## GOAL OF THE EXERCISE
Please repeat all of the listing exactly.

********************

(* For p < 1, a point x of a simple polygon with large global curvature lies near
   a vertex: in a triangle x y z of positive curvature one of y, z, say w, lies off
   the line of the edge through x, the curvature is at most 2 / |x - w|, and since
   adjacent edges are transversal and non-adjacent ones are at positive distance,
   |x - w| is at least a fixed multiple of the distance of x to the endpoints of its
   edge.  Hence H^1({kappa_G^p > t}) <= C min(1, t^(-1/p)), which is integrable
   because 1/p > 1.  For p >= 1, at a corner between consecutive edges e and f the
   points at parameter a before and after the vertex form with it a triangle of
   curvature K / a, so H^1({kappa_G^p > t}) >= c min(1, t^(-1/p)) >= c / t for
   t >= 1 and the layer-cake sum dominates the harmonic series.  A closed polygon
   without corners lies on a line. *)

From Stdlib Require Import Reals Lra Lia Psatz FunctionalExtensionality List Classical ClassicalEpsilon ZArith.
(* Imported last, so that [dist] is the Euclidean distance of Defs and not Stdlib's metric-space one. *)
From Pilot Require Import Defs.
Open Scope R_scope.

(** * Finite sums *)

Lemma rsum_ext k f g : (forall i, (i < k)%nat -> f i = g i) -> rsum k f = rsum k g.
Proof.
  induction k; simpl; intros H; auto.
  rewrite IHk by (intros; apply H; lia). rewrite (H k) by lia. reflexivity.
Qed.

Lemma rsum_add k f g : rsum k (fun i => f i + g i) = rsum k f + rsum k g.
Proof. induction k; simpl; [lra|]. rewrite IHk; ring. Qed.

Lemma rsum_scal k a f : rsum k (fun i => a * f i) = a * rsum k f.
Proof. induction k; simpl; [ring|]. rewrite IHk; ring. Qed.

Lemma rsum_const k c : rsum k (fun _ => c) = INR k * c.
Proof. induction k; simpl rsum; [simpl; ring|]. rewrite IHk, S_INR. ring. Qed.

Lemma rsum_const0 k : rsum k (fun _ => 0) = 0.
Proof. rewrite rsum_const. ring. Qed.

Lemma rsum_le k f g : (forall i, (i < k)%nat -> f i <= g i) -> rsum k f <= rsum k g.
Proof.
  induction k; simpl; intros H; [lra|].
  assert (H1 := H k ltac:(lia)). assert (rsum k f <= rsum k g) by (apply IHk; intros; apply H; lia). lra.
Qed.

Lemma rsum_nonneg k f : (forall i, (i < k)%nat -> 0 <= f i) -> 0 <= rsum k f.
Proof. intros H. rewrite <- (rsum_const0 k). apply rsum_le; auto. Qed.

Lemma rsum_le_incr k k' f : (k <= k')%nat -> (forall i, 0 <= f i) -> rsum k f <= rsum k' f.
Proof. intros H Hf. induction H; [lra|]. simpl. specialize (Hf m). lra. Qed.

Lemma rsum_le_support M K f :
  (forall k, (K <= k)%nat -> f k = 0) -> (forall k, 0 <= f k) -> rsum M f <= rsum K f.
Proof.
  intros H0 Hp. induction M; simpl.
  - apply rsum_nonneg; auto.
  - destruct (Nat.lt_ge_cases M K).
    + apply (rsum_le_incr (S M) K f); auto; lia.
    + rewrite H0 by auto. lra.
Qed.

Lemma rsum_telescope k g : rsum k (fun i => g i - g (S i)) = g O - g k.
Proof. induction k; simpl; [ring|]. rewrite IHk. ring. Qed.

Lemma rsum_geom_half N : rsum N (fun i => / 2 ^ (S i)) = 1 - / 2 ^ N.
Proof.
  induction N; [simpl; field|].
  change (rsum (S N) (fun i => / 2 ^ (S i))) with (rsum N (fun i => / 2 ^ (S i)) + / 2 ^ (S N)).
  rewrite IHN. simpl. field. apply pow_nonzero. lra.
Qed.

Definition interleave (f g : nat -> R) (k : nat) : R :=
  if Nat.even k then f (Nat.div2 k) else g (Nat.div2 k).

Lemma even_double m : Nat.even (2 * m) = true.
Proof. rewrite Nat.even_mul. reflexivity. Qed.

Lemma even_succ_double m : Nat.even (S (2 * m)) = false.
Proof. rewrite Nat.even_succ, Nat.odd_mul. reflexivity. Qed.

Lemma rsum_interleave M f g : rsum (2 * M) (interleave f g) = rsum M f + rsum M g.
Proof.
  induction M; simpl; [ring|].
  replace (M + S (M + 0))%nat with (S (2 * M)) by lia. simpl.
  replace (M + (M + 0))%nat with (2 * M)%nat by lia. rewrite IHM.
  unfold interleave. rewrite even_double, even_succ_double, Nat.div2_double, Nat.div2_succ_double.
  ring.
Qed.

(** * Euclidean geometry in coordinates *)

Lemma dot_ext n u u' w w' : (forall i, (i < n)%nat -> u i = u' i) ->
  (forall i, (i < n)%nat -> w i = w' i) -> dot n u w = dot n u' w'.
Proof. intros H1 H2. unfold dot. apply rsum_ext. intros i Hi. rewrite H1, H2; auto. Qed.

Lemma dot_self_nonneg n u : 0 <= dot n u u.
Proof. unfold dot. apply rsum_nonneg. intros. nra. Qed.

Lemma dot_self_eq0 n u : dot n u u = 0 -> forall i, (i < n)%nat -> u i = 0.
Proof.
  unfold dot. induction n; intros H i Hi; [lia|]. simpl in H.
  assert (0 <= rsum n (fun i => u i * u i)) by (apply rsum_nonneg; intros; nra).
  assert (0 <= u n * u n) by nra.
  destruct (Nat.eq_dec i n) as [->|]; [nra|].
  apply IHn; [lra| lia].
Qed.

Lemma dot_comb2 n a b c d e f :
  dot n (fun i => a * e i + b * f i) (fun i => c * e i + d * f i) =
  a * c * dot n e e + (a * d + b * c) * dot n e f + b * d * dot n f f.
Proof.
  unfold dot. induction n; simpl; [ring|]. rewrite IHn. ring.
Qed.

Lemma dot_comb3 n a b c a' b' c' e f g :
  dot n (fun i => a * e i + b * f i + c * g i) (fun i => a' * e i + b' * f i + c' * g i) =
  a * a' * dot n e e + b * b' * dot n f f + c * c' * dot n g g
  + (a * b' + b * a') * dot n e f + (a * c' + c * a') * dot n e g + (b * c' + c * b') * dot n f g.
Proof.
  unfold dot. induction n; simpl; [ring|]. rewrite IHn. ring.
Qed.

Definition Gram n (e f : pt) : R := dot n e e * dot n f f - (dot n e f) ^ 2.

********************

## REPLY TO THE TASK
(* For p < 1, a point x of a simple polygon with large global curvature lies near
   a vertex: in a triangle x y z of positive curvature one of y, z, say w, lies off
   the line of the edge through x, the curvature is at most 2 / |x - w|, and since
   adjacent edges are transversal and non-adjacent ones are at positive distance,
   |x - w| is at least a fixed multiple of the distance of x to the endpoints of its
   edge.  Hence H^1({kappa_G^p > t}) <= C min(1, t^(-1/p)), which is integrable
   because 1/p > 1.  For p >= 1, at a corner between consecutive edges e and f the
   points at parameter a before and after the vertex form with it a triangle of
   curvature K / a, so H^1({kappa_G^p > t}) >= c min(1, t^(-1/p)) >= c / t for
   t >= 1 and the layer-cake sum dominates the harmonic series.  A closed polygon
   without corners lies on a line. *)

From Stdlib Require Import Reals Lra Lia Psatz FunctionalExtensionality List Classical ClassicalEpsilon ZArith.
(* Imported last, so that [dist] is the Euclidean distance of Defs and not Stdlib's metric-space one. *)
From Pilot Require Import Defs.
Open Scope R_scope.

(** * Finite sums *)

Lemma rsum_ext k f g : (forall i, (i < k)%nat -> f i = g i) -> rsum k f = rsum k g.
Proof.
  induction k; simpl; intros H; auto.
  rewrite IHk by (intros; apply H; lia). rewrite (H k) by lia. reflexivity.
Qed.

Lemma rsum_add k f g : rsum k (fun i => f i + g i) = rsum k f + rsum k g.
Proof. induction k; simpl; [lra|]. rewrite IHk; ring. Qed.

Lemma rsum_scal k a f : rsum k (fun i => a * f i) = a * rsum k f.
Proof. induction k; simpl; [ring|]. rewrite IHk; ring. Qed.

Lemma rsum_const k c : rsum k (fun _ => c) = INR k * c.
Proof. induction k; simpl rsum; [simpl; ring|]. rewrite IHk, S_INR. ring. Qed.

Lemma rsum_const0 k : rsum k (fun _ => 0) = 0.
Proof. rewrite rsum_const. ring. Qed.

Lemma rsum_le k f g : (forall i, (i < k)%nat -> f i <= g i) -> rsum k f <= rsum k g.
Proof.
  induction k; simpl; intros H; [lra|].
  assert (H1 := H k ltac:(lia)). assert (rsum k f <= rsum k g) by (apply IHk; intros; apply H; lia). lra.
Qed.

Lemma rsum_nonneg k f : (forall i, (i < k)%nat -> 0 <= f i) -> 0 <= rsum k f.
Proof. intros H. rewrite <- (rsum_const0 k). apply rsum_le; auto. Qed.

Lemma rsum_le_incr k k' f : (k <= k')%nat -> (forall i, 0 <= f i) -> rsum k f <= rsum k' f.
Proof. intros H Hf. induction H; [lra|]. simpl. specialize (Hf m). lra. Qed.

Lemma rsum_le_support M K f :
  (forall k, (K <= k)%nat -> f k = 0) -> (forall k, 0 <= f k) -> rsum M f <= rsum K f.
Proof.
  intros H0 Hp. induction M; simpl.
  - apply rsum_nonneg; auto.
  - destruct (Nat.lt_ge_cases M K).
    + apply (rsum_le_incr (S M) K f); auto; lia.
    + rewrite H0 by auto. lra.
Qed.

Lemma rsum_telescope k g : rsum k (fun i => g i - g (S i)) = g O - g k.
Proof. induction k; simpl; [ring|]. rewrite IHk. ring. Qed.

Lemma rsum_geom_half N : rsum N (fun i => / 2 ^ (S i)) = 1 - / 2 ^ N.
Proof.
  induction N; [simpl; field|].
  change (rsum (S N) (fun i => / 2 ^ (S i))) with (rsum N (fun i => / 2 ^ (S i)) + / 2 ^ (S N)).
  rewrite IHN. simpl. field. apply pow_nonzero. lra.
Qed.

Definition interleave (f g : nat -> R) (k : nat) : R :=
  if Nat.even k then f (Nat.div2 k) else g (Nat.div2 k).

Lemma even_double m : Nat.even (2 * m) = true.
Proof. rewrite Nat.even_mul. reflexivity. Qed.

Lemma even_succ_double m : Nat.even (S (2 * m)) = false.
Proof. rewrite Nat.even_succ, Nat.odd_mul. reflexivity. Qed.

Lemma rsum_interleave M f g : rsum (2 * M) (interleave f g) = rsum M f + rsum M g.
Proof.
  induction M; simpl; [ring|].
  replace (M + S (M + 0))%nat with (S (2 * M)) by lia. simpl.
  replace (M + (M + 0))%nat with (2 * M)%nat by lia. rewrite IHM.
  unfold interleave. rewrite even_double, even_succ_double, Nat.div2_double, Nat.div2_succ_double.
  ring.
Qed.

(** * Euclidean geometry in coordinates *)

Lemma dot_ext n u u' w w' : (forall i, (i < n)%nat -> u i = u' i) ->
  (forall i, (i < n)%nat -> w i = w' i) -> dot n u w = dot n u' w'.
Proof. intros H1 H2. unfold dot. apply rsum_ext. intros i Hi. rewrite H1, H2; auto. Qed.

Lemma dot_self_nonneg n u : 0 <= dot n u u.
Proof. unfold dot. apply rsum_nonneg. intros. nra. Qed.

Lemma dot_self_eq0 n u : dot n u u = 0 -> forall i, (i < n)%nat -> u i = 0.
Proof.
  unfold dot. induction n; intros H i Hi; [lia|]. simpl in H.
  assert (0 <= rsum n (fun i => u i * u i)) by (apply rsum_nonneg; intros; nra).
  assert (0 <= u n * u n) by nra.
  destruct (Nat.eq_dec i n) as [->|]; [nra|].
  apply IHn; [lra| lia].
Qed.

Lemma dot_comb2 n a b c d e f :
  dot n (fun i => a * e i + b * f i) (fun i => c * e i + d * f i) =
  a * c * dot n e e + (a * d + b * c) * dot n e f + b * d * dot n f f.
Proof.
  unfold dot. induction n; simpl; [ring|]. rewrite IHn. ring.
Qed.

Lemma dot_comb3 n a b c a' b' c' e f g :
  dot n (fun i => a * e i + b * f i + c * g i) (fun i => a' * e i + b' * f i + c' * g i) =
  a * a' * dot n e e + b * b' * dot n f f + c * c' * dot n g g
  + (a * b' + b * a') * dot n e f + (a * c' + c * a') * dot n e g + (b * c' + c * b') * dot n f g.
Proof.
  unfold dot. induction n; simpl; [ring|]. rewrite IHn. ring.
Qed.

Definition Gram n (e f : pt) : R := dot n e e * dot n f f - (dot n e f) ^ 2.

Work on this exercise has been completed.